> Task
From the listing below, output only the lines starting at the line that has "Definition roots_red s" and ending at the line that has "case/andP=> x_gt0 /IH s_eq.", exactly as they appear, ends included.

> Dataset content
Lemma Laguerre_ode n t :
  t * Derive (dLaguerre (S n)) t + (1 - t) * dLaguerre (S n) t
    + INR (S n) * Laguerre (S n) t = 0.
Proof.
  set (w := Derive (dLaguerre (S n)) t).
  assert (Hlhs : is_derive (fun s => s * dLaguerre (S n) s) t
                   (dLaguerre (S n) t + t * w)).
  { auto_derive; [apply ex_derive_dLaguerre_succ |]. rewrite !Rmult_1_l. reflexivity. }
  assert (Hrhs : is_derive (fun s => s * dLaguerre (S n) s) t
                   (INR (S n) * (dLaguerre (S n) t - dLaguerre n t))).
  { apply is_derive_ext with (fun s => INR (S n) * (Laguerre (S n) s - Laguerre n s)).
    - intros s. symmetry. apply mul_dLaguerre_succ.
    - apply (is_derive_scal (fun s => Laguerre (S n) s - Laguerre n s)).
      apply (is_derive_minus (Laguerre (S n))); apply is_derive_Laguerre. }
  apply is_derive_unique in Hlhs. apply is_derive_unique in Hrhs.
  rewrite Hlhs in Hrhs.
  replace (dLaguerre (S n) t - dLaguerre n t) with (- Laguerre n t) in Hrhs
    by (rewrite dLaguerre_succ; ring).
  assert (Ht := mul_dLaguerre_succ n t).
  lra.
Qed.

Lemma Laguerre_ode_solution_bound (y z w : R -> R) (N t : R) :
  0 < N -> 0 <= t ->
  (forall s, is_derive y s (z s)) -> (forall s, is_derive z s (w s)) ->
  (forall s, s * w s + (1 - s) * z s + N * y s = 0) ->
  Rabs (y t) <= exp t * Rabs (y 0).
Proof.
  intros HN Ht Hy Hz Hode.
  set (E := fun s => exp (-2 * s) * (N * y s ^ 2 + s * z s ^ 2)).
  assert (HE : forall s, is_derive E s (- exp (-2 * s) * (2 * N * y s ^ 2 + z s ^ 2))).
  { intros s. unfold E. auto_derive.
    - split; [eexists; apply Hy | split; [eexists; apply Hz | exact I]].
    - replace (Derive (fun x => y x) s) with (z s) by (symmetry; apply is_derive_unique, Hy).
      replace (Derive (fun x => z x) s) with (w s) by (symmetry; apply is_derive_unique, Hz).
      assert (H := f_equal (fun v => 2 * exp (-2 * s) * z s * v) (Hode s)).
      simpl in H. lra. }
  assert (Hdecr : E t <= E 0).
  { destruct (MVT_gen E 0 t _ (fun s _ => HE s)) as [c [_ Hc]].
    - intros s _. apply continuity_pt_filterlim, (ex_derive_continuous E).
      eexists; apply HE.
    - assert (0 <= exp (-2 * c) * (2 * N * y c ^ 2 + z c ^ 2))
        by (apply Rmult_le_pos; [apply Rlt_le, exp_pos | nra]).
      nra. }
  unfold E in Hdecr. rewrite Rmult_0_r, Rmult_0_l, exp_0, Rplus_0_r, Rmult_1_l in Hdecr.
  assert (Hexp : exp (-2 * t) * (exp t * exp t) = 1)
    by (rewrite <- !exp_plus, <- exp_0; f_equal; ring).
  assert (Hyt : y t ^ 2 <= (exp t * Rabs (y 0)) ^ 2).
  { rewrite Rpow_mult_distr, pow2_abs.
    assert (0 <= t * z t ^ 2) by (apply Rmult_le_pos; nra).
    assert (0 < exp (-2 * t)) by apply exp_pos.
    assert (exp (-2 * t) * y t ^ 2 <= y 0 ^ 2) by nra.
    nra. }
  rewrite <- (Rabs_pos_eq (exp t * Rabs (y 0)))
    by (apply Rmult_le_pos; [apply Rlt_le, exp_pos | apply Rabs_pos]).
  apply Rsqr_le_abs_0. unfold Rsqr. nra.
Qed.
==
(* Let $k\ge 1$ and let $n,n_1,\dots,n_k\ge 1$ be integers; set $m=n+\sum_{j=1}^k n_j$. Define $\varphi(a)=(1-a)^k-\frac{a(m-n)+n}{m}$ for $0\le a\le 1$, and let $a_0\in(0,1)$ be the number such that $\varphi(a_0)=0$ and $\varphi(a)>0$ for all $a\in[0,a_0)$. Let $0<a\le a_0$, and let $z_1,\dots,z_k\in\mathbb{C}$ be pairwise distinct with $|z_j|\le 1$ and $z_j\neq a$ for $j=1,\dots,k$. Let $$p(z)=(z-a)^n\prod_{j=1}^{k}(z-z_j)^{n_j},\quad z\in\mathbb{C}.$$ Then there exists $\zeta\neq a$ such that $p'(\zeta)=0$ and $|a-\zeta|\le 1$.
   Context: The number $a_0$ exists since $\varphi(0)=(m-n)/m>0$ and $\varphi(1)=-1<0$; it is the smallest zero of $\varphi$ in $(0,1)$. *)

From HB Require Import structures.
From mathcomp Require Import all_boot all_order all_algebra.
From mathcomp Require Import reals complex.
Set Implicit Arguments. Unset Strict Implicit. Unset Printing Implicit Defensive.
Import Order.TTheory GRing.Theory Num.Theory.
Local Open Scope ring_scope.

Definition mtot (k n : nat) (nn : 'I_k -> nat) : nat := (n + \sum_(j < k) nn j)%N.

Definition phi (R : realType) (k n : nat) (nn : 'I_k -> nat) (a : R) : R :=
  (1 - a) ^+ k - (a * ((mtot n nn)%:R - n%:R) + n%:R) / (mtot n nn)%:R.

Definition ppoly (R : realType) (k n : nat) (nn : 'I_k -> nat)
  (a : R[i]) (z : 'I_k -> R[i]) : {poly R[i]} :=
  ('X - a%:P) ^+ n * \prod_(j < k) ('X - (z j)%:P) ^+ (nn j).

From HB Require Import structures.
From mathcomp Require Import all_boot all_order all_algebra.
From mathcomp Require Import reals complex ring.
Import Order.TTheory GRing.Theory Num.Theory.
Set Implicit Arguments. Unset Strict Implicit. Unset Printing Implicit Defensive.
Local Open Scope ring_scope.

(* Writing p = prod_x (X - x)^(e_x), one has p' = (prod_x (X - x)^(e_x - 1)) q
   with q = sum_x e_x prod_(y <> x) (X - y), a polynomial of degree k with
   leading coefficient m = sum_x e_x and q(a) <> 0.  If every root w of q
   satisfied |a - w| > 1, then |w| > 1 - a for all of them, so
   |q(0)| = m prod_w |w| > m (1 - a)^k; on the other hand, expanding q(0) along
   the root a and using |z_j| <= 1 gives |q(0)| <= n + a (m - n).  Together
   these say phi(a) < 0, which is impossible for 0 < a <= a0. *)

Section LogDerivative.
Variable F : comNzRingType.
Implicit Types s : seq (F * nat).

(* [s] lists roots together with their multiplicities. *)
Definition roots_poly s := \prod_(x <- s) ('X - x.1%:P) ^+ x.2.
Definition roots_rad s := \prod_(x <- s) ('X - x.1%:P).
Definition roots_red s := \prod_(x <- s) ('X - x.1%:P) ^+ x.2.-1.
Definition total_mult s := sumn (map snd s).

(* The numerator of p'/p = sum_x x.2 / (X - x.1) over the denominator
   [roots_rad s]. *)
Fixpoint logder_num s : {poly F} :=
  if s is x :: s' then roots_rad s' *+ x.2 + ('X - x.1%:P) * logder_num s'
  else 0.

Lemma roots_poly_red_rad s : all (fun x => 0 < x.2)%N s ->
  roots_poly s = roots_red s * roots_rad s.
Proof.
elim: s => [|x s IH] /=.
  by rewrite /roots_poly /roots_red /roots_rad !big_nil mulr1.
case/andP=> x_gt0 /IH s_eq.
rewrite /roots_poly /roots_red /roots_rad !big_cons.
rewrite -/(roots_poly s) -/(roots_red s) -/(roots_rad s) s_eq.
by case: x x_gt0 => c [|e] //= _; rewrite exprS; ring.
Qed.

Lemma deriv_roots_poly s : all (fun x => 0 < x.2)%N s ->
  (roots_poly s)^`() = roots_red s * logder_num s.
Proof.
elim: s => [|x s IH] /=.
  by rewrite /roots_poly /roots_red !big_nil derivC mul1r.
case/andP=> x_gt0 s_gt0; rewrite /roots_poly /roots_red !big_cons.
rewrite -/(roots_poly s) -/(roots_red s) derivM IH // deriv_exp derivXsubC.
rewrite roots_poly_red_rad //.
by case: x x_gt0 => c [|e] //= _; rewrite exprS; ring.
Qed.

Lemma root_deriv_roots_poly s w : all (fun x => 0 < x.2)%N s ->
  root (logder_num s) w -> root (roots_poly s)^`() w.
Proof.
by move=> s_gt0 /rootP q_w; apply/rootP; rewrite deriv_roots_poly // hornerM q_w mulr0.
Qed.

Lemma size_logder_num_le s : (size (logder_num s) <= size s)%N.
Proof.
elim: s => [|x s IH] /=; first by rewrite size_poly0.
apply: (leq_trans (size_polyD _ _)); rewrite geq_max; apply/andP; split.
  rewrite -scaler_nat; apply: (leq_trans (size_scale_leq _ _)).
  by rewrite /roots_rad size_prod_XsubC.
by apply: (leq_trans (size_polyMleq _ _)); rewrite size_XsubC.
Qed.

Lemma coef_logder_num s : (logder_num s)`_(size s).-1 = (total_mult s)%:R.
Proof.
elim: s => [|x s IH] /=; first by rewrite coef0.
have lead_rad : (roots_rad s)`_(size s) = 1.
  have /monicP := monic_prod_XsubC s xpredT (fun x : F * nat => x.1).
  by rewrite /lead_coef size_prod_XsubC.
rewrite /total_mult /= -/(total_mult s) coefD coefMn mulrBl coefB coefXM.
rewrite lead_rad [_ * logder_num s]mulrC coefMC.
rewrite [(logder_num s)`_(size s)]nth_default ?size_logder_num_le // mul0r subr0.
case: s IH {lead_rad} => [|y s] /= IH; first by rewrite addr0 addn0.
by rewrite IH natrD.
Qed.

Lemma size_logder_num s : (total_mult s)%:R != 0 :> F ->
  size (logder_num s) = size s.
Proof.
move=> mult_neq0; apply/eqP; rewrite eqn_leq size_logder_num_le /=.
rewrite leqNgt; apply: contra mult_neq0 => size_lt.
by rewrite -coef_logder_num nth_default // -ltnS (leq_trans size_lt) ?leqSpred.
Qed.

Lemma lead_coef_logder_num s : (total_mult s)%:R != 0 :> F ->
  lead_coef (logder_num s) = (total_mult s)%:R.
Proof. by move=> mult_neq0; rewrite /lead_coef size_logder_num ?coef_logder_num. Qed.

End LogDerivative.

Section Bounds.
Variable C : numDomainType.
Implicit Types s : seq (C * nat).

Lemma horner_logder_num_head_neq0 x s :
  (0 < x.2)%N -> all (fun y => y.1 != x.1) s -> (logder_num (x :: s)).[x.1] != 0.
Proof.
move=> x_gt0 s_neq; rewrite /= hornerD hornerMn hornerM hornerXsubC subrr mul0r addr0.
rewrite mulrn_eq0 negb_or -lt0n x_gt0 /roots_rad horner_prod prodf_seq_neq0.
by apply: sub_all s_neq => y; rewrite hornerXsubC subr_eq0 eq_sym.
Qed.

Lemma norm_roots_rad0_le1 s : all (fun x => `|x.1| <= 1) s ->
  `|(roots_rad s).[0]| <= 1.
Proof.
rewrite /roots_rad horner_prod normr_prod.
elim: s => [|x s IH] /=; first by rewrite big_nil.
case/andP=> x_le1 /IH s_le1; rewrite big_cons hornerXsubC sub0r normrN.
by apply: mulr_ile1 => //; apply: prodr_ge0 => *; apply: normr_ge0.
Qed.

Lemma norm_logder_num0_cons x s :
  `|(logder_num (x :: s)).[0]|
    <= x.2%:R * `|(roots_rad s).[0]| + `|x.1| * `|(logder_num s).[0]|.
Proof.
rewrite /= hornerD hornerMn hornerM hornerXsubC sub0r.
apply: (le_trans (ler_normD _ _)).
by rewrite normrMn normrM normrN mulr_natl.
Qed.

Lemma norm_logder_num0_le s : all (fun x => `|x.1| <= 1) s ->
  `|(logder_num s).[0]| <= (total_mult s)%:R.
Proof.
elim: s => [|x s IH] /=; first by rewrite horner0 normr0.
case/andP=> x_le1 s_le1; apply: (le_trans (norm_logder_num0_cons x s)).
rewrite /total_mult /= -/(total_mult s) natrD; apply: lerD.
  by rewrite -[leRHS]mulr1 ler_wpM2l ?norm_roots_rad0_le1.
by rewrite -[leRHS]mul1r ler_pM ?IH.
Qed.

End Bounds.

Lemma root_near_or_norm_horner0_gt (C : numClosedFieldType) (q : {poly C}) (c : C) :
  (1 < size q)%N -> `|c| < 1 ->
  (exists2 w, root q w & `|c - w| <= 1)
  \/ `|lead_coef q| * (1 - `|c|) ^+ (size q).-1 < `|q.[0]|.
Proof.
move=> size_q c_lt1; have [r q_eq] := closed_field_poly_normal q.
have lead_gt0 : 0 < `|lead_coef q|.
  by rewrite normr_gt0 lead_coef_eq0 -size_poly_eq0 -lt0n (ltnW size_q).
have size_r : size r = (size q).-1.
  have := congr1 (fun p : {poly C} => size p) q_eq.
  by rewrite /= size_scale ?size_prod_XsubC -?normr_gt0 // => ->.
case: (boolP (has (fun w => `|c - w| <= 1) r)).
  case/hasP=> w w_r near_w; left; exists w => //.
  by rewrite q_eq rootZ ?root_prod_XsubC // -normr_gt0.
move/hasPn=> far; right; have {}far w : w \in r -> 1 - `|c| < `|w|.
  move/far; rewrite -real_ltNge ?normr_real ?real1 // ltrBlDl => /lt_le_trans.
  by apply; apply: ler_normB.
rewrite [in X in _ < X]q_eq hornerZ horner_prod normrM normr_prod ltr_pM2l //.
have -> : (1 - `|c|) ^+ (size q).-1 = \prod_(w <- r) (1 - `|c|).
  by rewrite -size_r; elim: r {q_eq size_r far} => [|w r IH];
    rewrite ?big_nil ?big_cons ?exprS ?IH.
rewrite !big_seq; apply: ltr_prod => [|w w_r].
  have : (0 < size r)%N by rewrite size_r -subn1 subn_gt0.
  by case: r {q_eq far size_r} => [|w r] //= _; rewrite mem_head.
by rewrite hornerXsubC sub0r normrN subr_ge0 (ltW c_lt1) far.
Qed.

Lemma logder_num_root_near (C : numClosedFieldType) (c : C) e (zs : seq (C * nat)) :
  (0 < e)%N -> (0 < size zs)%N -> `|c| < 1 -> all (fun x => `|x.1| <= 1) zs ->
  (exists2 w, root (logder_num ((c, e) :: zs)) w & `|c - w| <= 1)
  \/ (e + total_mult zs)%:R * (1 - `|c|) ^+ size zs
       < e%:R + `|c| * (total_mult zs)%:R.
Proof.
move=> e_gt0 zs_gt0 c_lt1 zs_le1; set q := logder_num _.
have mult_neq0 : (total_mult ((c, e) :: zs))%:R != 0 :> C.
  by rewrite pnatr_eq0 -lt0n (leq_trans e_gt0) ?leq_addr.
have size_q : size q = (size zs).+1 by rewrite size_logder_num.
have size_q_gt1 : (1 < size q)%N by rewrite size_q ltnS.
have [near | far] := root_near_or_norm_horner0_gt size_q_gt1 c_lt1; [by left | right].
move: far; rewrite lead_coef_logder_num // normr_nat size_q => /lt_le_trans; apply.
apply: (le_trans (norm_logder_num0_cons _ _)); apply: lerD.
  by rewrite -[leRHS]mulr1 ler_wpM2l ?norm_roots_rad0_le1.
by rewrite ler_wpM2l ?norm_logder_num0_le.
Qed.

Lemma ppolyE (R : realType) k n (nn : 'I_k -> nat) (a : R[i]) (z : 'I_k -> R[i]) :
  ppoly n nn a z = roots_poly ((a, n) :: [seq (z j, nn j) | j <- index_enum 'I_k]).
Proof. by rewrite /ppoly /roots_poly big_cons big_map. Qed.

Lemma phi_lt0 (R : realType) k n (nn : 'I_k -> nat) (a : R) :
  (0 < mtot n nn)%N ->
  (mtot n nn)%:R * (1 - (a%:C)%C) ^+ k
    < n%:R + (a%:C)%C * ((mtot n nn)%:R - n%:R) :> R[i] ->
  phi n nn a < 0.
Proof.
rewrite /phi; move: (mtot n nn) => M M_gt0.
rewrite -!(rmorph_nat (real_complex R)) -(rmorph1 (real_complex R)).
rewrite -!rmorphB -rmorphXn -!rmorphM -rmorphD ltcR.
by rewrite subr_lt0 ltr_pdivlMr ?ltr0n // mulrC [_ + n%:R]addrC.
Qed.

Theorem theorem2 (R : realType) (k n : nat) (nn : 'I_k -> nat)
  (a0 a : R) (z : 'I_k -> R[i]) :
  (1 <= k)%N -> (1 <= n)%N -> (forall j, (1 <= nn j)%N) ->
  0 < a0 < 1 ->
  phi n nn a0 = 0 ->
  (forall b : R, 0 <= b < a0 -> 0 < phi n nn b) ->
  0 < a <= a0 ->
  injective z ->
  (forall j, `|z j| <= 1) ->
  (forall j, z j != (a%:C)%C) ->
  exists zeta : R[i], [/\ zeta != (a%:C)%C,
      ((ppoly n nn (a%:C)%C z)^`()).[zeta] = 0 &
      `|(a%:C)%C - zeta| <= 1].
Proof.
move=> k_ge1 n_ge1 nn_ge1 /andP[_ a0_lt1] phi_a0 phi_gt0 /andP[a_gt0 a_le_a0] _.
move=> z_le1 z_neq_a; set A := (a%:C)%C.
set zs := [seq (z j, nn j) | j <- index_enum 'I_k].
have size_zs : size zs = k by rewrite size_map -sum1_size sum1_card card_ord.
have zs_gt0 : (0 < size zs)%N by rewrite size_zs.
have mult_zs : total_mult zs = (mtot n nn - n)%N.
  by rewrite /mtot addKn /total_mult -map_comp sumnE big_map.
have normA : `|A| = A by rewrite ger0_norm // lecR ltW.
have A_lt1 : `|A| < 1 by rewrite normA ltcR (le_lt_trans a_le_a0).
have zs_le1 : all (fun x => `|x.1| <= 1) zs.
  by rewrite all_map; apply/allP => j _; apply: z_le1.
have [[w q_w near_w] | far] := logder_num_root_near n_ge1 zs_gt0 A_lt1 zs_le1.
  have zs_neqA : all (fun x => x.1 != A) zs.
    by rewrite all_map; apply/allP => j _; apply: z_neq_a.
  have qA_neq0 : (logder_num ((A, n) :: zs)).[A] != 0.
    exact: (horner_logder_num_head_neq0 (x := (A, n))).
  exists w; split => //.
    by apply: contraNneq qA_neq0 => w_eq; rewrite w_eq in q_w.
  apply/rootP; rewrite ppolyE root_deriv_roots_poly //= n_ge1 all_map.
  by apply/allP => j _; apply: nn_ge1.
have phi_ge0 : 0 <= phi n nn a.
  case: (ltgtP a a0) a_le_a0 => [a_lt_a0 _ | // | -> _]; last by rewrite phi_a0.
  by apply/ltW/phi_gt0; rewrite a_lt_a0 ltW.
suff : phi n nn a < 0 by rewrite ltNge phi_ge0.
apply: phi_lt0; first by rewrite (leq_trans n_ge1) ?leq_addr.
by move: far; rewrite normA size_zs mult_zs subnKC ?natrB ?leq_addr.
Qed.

> Solved problem
Definition roots_red s := \prod_(x <- s) ('X - x.1%:P) ^+ x.2.-1.
Definition total_mult s := sumn (map snd s).

(* The numerator of p'/p = sum_x x.2 / (X - x.1) over the denominator
   [roots_rad s]. *)
Fixpoint logder_num s : {poly F} :=
  if s is x :: s' then roots_rad s' *+ x.2 + ('X - x.1%:P) * logder_num s'
  else 0.

Lemma roots_poly_red_rad s : all (fun x => 0 < x.2)%N s ->
  roots_poly s = roots_red s * roots_rad s.
Proof.
elim: s => [|x s IH] /=.
  by rewrite /roots_poly /roots_red /roots_rad !big_nil mulr1.
case/andP=> x_gt0 /IH s_eq.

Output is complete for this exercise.